6. I will go on date nights
I will plan monthly – no, weekly – romantic dates with my significant other. For the first one, I think we’ll book a babysitter and buy expensive front row tickets to an amazing concert, then cancel when the whole house comes down with gastro THAT NIGHT.
7. I will ban television
Imagine a world with no Dora? No Ben 10? No nagging for a Disney Princess castle. Ahhh, bliss! And now imagine a world where the kids have woken up at 4.30am and you have a teeny weeny hangover from NYE celebrations. You can either turn on the TV and “rest your eyes,” or get up and make everyone breakfast while the kids belt out a symphony on their new toys. Yup, hand me the remote.
8. I will stop eating chocolate
Admit it. You have hidden in a cupboard to eat a chocolate bar so you don’t have to share with your kids. And you’ll do it again. And it’s OK.
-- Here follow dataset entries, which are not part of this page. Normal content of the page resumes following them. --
(* For the alternate network mining strategy, Phase 1 lasts on average $n_0\tau_0\delta$ and Phase 2 lasts on average $n_0\tau_0/\delta$. The attacker's revenue ratio is $\rho$ during Phase 1 and $\rho\delta$ during Phase 2. Consequently, the revenue ratio of the alternate network mining strategy is $$\frac{1+\delta}{\delta+\frac1\delta}\,\rho.$$
   Context: Alternate network mining (ANM) model. Two networks (e.g. BTC and BCH) use the same proof-of-work algorithm, and switching between them is frictionless. There are three types of miners: those mining only on BTC, those mining only on BCH, and an ''attacker'' who alternates. All miners mine at full power, and the total hash power is constant. Honest mining yields the same revenue ratio $\rho$ for the attacker on both networks. The BTC difficulty is adjusted every $n_0$ BTC blocks, so that blocks arrive every $\tau_0$ on average at the hash power observed during the previous period. The attacker starts at a BTC difficulty adjustment, with difficulty calibrated for the full hash power including his own. An attack cycle has two phases. In Phase 1, the attacker mines honestly on BCH until $n_0$ blocks are mined on BTC. In Phase 2, he mines honestly on BTC until the next BTC difficulty adjustment. $\delta>1$ denotes the difficulty adjustment parameter after Phase 1, i.e. the ratio of the mean duration of Phase 1 to $n_0\tau_0$. The difficulty is divided by $\delta$ at the end of Phase 1, and the adjustment at the end of Phase 2 has parameter $1/\delta$. The revenue ratio of the strategy is (mean revenue per cycle)/(mean cycle duration). *)

From Stdlib Require Import Reals.
Open Scope R_scope.

(* Hash powers are constant; a network with difficulty D mined with total
   hash power h produces blocks with mean inter-block time D / h
   (the difficulty is measured so that this is the definition of D).
   A miner with hash power a among total power h earns the fraction a/h of
   the blocks, each paying the block reward. *)
Record ANM := mkANM {
  n0 : nat;          (* BTC difficulty adjustment period (in blocks) *)
  tau0 : R;          (* BTC target inter-block time *)
  hBTC : R;          (* hash power of miners mining only on BTC *)
  hBCH : R;          (* hash power of miners mining only on BCH *)
  hAtt : R;
  rewardBTC : R;
  rewardBCH : R;
  diffBCH : R        (* BCH difficulty (constant during the cycle) *)
}.

Definition mean_block_time (D h : R) : R := D / h.

(* revenue per unit time of a miner with hash a mining honestly on a network
   of total hash h (including a), difficulty D and block reward b *)
Definition honest_revenue_rate (D h a b : R) : R :=
  (a / h) * (1 / mean_block_time D h) * b.

(* initial BTC difficulty: calibrated for the full BTC hash power including
   the attacker, so that blocks arrive every tau0 on average *)
Definition D0 (p : ANM) : R := tau0 p * (hBTC p + hAtt p).

Definition rho (p : ANM) : R :=
  honest_revenue_rate (D0 p) (hBTC p + hAtt p) (hAtt p) (rewardBTC p).

Definition rhoBCH (p : ANM) : R :=
  honest_revenue_rate (diffBCH p) (hBCH p + hAtt p) (hAtt p) (rewardBCH p).

(* Phase 1: attacker mines on BCH until n0 blocks are mined on BTC
   (BTC is mined by hBTC only, at difficulty D0). *)
Definition phase1_duration (p : ANM) : R :=
  INR (n0 p) * mean_block_time (D0 p) (hBTC p).

Definition delta (p : ANM) : R := phase1_duration p / (INR (n0 p) * tau0 p).

Definition D1 (p : ANM) : R := D0 p / delta p.

(* Phase 2: attacker mines honestly on BTC until next adjustment (n0 blocks) *)
Definition phase2_duration (p : ANM) : R :=
  INR (n0 p) * mean_block_time (D1 p) (hBTC p + hAtt p).

Definition phase1_revenue (p : ANM) : R := rhoBCH p * phase1_duration p.
Definition phase2_revenue (p : ANM) : R :=
  honest_revenue_rate (D1 p) (hBTC p + hAtt p) (hAtt p) (rewardBTC p)
  * phase2_duration p.

Definition anm_revenue_ratio (p : ANM) : R :=
  (phase1_revenue p + phase2_revenue p) / (phase1_duration p + phase2_duration p).

From Stdlib Require Import Reals Lra Lia.
Open Scope R_scope.

(* Write N = n0, t = tau0, b = hBTC, a = hAtt.  Everything reduces to
   closed forms in these quantities:
   - a miner's honest revenue rate a/h * h/D * r = a r / D does not depend on
     the total hash power h; in particular rho = a r / D0 with D0 = t (b + a);
   - Phase 1 lasts N D0 / b = N t (b + a) / b, so delta = (b + a) / b > 1,
     and Phase 1 lasts N t delta by the very definition of delta;
   - dividing the difficulty by delta gives Phase 2 duration N t / delta and
     multiplies the revenue rate by delta, i.e. rate rho * delta;
   - Phase 1 pays rhoBCH = rho per unit time by hypothesis.
   A purely algebraic averaging lemma for two phases of durations c delta and
   c / delta with rates rho and rho delta then yields the revenue ratio
   (1 + delta) / (delta + 1 / delta) * rho of the whole cycle. *)

Lemma honest_revenue_rate_eq (D h a r : R) :
  h <> 0 -> D <> 0 -> honest_revenue_rate D h a r = a * r / D.
Proof.
  intros Hh HD. unfold honest_revenue_rate, mean_block_time.
  field; auto.
Qed.

Lemma two_phase_revenue_ratio (c d r : R) :
  0 < c -> 0 < d ->
  (r * (c * d) + r * d * (c / d)) / (c * d + c / d)
  = (1 + d) / (d + 1 / d) * r.
Proof.
  intros Hc Hd.
  assert (Hsum : 0 < d * d + 1) by nra.
  field; repeat split; nra.
Qed.

Section ANMCycle.

Variable p : ANM.
Hypothesis n0_pos : (0 < n0 p)%nat.
Hypothesis tau0_pos : 0 < tau0 p.
Hypothesis hBTC_pos : 0 < hBTC p.
Hypothesis hAtt_pos : 0 < hAtt p.

Let N_pos : 0 < INR (n0 p).
Proof. apply lt_0_INR; lia. Qed.

Let D0_pos : 0 < D0 p.
Proof. unfold D0. apply Rmult_lt_0_compat; lra. Qed.

Lemma delta_eq : delta p = (hBTC p + hAtt p) / hBTC p.
Proof.
  unfold delta, phase1_duration, mean_block_time, D0.
  field; repeat split; lra.
Qed.

(* Without the attacker BTC blocks come slower than targeted, so Phase 1
   overruns n0 * tau0 and the difficulty is lowered; this also makes delta
   nonzero, which the divisions below need. *)
Lemma delta_gt_1 : 1 < delta p.
Proof.
  rewrite delta_eq.
  apply (Rmult_lt_reg_r (hBTC p)); [lra |].
  unfold Rdiv; rewrite Rmult_assoc, Rinv_l; lra.
Qed.

Lemma phase1_duration_eq :
  phase1_duration p = INR (n0 p) * tau0 p * delta p.
Proof.
  unfold delta. field.
  split; apply Rgt_not_eq; [exact tau0_pos | exact N_pos].
Qed.

Lemma phase2_duration_eq :
  phase2_duration p = INR (n0 p) * tau0 p / delta p.
Proof.
  pose proof delta_gt_1.
  unfold phase2_duration, mean_block_time, D1, D0.
  field; repeat split; lra.
Qed.

Lemma phase2_rate_eq :
  honest_revenue_rate (D1 p) (hBTC p + hAtt p) (hAtt p) (rewardBTC p)
  = rho p * delta p.
Proof.
  pose proof delta_gt_1.
  assert (HD1 : 0 < D1 p) by (unfold D1; apply Rdiv_lt_0_compat; lra).
  unfold rho.
  rewrite !honest_revenue_rate_eq by lra.
  unfold D1. field; lra.
Qed.

End ANMCycle.

Theorem mainTheorem11 (p : ANM) :
  (0 < n0 p)%nat -> 0 < tau0 p -> 0 < hBTC p -> 0 <= hBCH p -> 0 < hAtt p ->
  0 < rewardBTC p -> 0 < rewardBCH p -> 0 < diffBCH p ->
  rhoBCH p = rho p ->
  phase1_duration p = INR (n0 p) * tau0 p * delta p /\
  phase2_duration p = INR (n0 p) * tau0 p / delta p /\
  phase1_revenue p / phase1_duration p = rho p /\
  phase2_revenue p / phase2_duration p = rho p * delta p /\
  anm_revenue_ratio p = (1 + delta p) / (delta p + 1 / delta p) * rho p.
Proof.
  intros Hn Ht Hb _ Ha _ _ _ Hrho.
  pose proof (delta_gt_1 p Hn Ht Hb Ha) as Hdelta.
  assert (Hc : 0 < INR (n0 p) * tau0 p)
    by (apply Rmult_lt_0_compat; [apply lt_0_INR; lia | lra]).
  pose proof (phase1_duration_eq p Hn Ht) as HT1.
  pose proof (phase2_duration_eq p Hn Ht Hb Ha) as HT2.
  assert (HT1_pos : 0 < phase1_duration p) by (rewrite HT1; nra).
  assert (HT2_pos : 0 < phase2_duration p)
    by (rewrite HT2; apply Rdiv_lt_0_compat; lra).
  unfold anm_revenue_ratio, phase1_revenue, phase2_revenue.
  rewrite (phase2_rate_eq p Hn Ht Hb Ha), Hrho.
  split; [exact HT1 |]. split; [exact HT2 |].
  split; [field; lra |]. split; [field; lra |].
  rewrite HT1, HT2.
  apply two_phase_revenue_ratio; lra.
Qed.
9. I will take a Facebook/Internet break
Who are we kidding? There are meals crying out to be Instagrammed and ex-boyfriends whose profiles you need to stalk! Get back on your iPad now!
10. I will make things I pin on Pinterest
No, I won’t. Because if I do, it will turn out like this:
So there you have it: we officially give you permission to tear up your resolutions, order a pizza, break out the Tim Tams and let the kids go crazy. You’re welcome!